### DATA EXTRACTS

-- Opening Marker --

(* Rows 1..p of T(n+1) are rows 0..p-1 of T(n); row 0 of T(n+1) is
   -sum_(i >= 1) c_i (row i-1 of T(n)) by the kernel equation at n + 1. *)
Lemma toep_shift_companion c n : c 0%N = 1 -> kernel_at (n + 1) c ->
  toep_mx x p.+1 (n + 1) = companion c *m toep_mx x p.+1 n.
Proof.
move=> c0 hc; apply/matrixP => i j; rewrite !mxE.
case: (unliftP ord0 i) => [i'|] -> /=.
  rewrite (bigD1 (widen_ord (leqnSn p) i')) //= big1 ?addr0.
    by rewrite !mxE /= /bump /= add1n eqxx mul1r -toep_idxSr toep_idxSS.
  move=> l; rewrite -val_eqE /= => l_neq.
  by rewrite !mxE /= /bump /= add1n eqSS eq_sym (negbTE l_neq) mul0r.
have := hc (widen_ord (leqnSn _) j); rewrite big_ord_recl /= c0 mul1r.
move=> /eqP; rewrite addr_eq0 => /eqP ->; rewrite -sumrN; apply: eq_bigr => l _.
by rewrite !mxE /= /bump /= add1n mulNr -toep_idxSr toep_idxSS.
Qed.

Lemma toep_recurrence : exists c : nat -> K, c 0%N = 1 /\ c p.+1 = (-1) ^+ p.+1 /\
  forall M : int, \sum_(i < p.+2) c i * x (M - (i : nat)%:Z) = 0.
Proof.
have [c [c0 hc]] := constant_kernel.
exists c; split => //; split.
  have := toep_const 0; rewrite /toep (toep_shift_companion c0 (hc _)).
  rewrite det_mulmx det_companion -[RHS]mul1r => /(mulIf (toep_neq0 0)) sc.
  by rewrite -[c _](signrMK p.+1) sc mulr1.
by move=> M; rewrite -[RHS](hc M ord0); apply: eq_bigr => i _; rewrite addr0.
Qed.

End ConstantRecurrence.

Lemma recurrence_reversal (K : fieldType) (x : int -> K) (p : nat) (c : nat -> K) :
  c 0%N = 1 -> c p.+1 = (-1) ^+ p.+1 ->
  (forall M : int, \sum_(i < p.+2) c i * x (M - (i : nat)%:Z) = 0) ->
  exists d : nat -> K, d 0%N = 1 /\ d p.+1 = 1 /\
    forall n : int, \sum_(m < p.+2) (-1) ^+ m * d (p.+1 - m)%N * x (n + (m : nat)%:Z) = 0.
Proof.
move=> c0 cN hc; exists (fun k => (-1) ^+ k * c k); split; first by rewrite expr0 mul1r.
split; first by rewrite cN -expr2 sqrr_sign.
move=> n; have := hc (n + p.+1%:Z); rewrite (reindex_inj rev_ord_inj) /= => hc_rev.
rewrite -[RHS](mulr0 ((-1) ^+ p.+1)) -[0 in RHS]hc_rev mulr_sumr; apply: eq_bigr => m _.
have mp : (m <= p.+1)%N := ltn_ord m.
have -> : x (n + p.+1%:Z - (p.+1 - m)%N%:Z) = x (n + m%:Z) by congr x; lia.
by rewrite subSS mulrA -exprD subnKC // mulrA.
Qed.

-- Closing Marker --

### WHAT IS BEING ASKED
Your task is to copy each line of the listing that holds the word "exists".

### TASK RESULT
Lemma toep_recurrence : exists c : nat -> K, c 0%N = 1 /\ c p.+1 = (-1) ^+ p.+1 /\
exists c; split => //; split.
  exists d : nat -> K, d 0%N = 1 /\ d p.+1 = 1 /\
move=> c0 cN hc; exists (fun k => (-1) ^+ k * c k); split; first by rewrite expr0 mul1r.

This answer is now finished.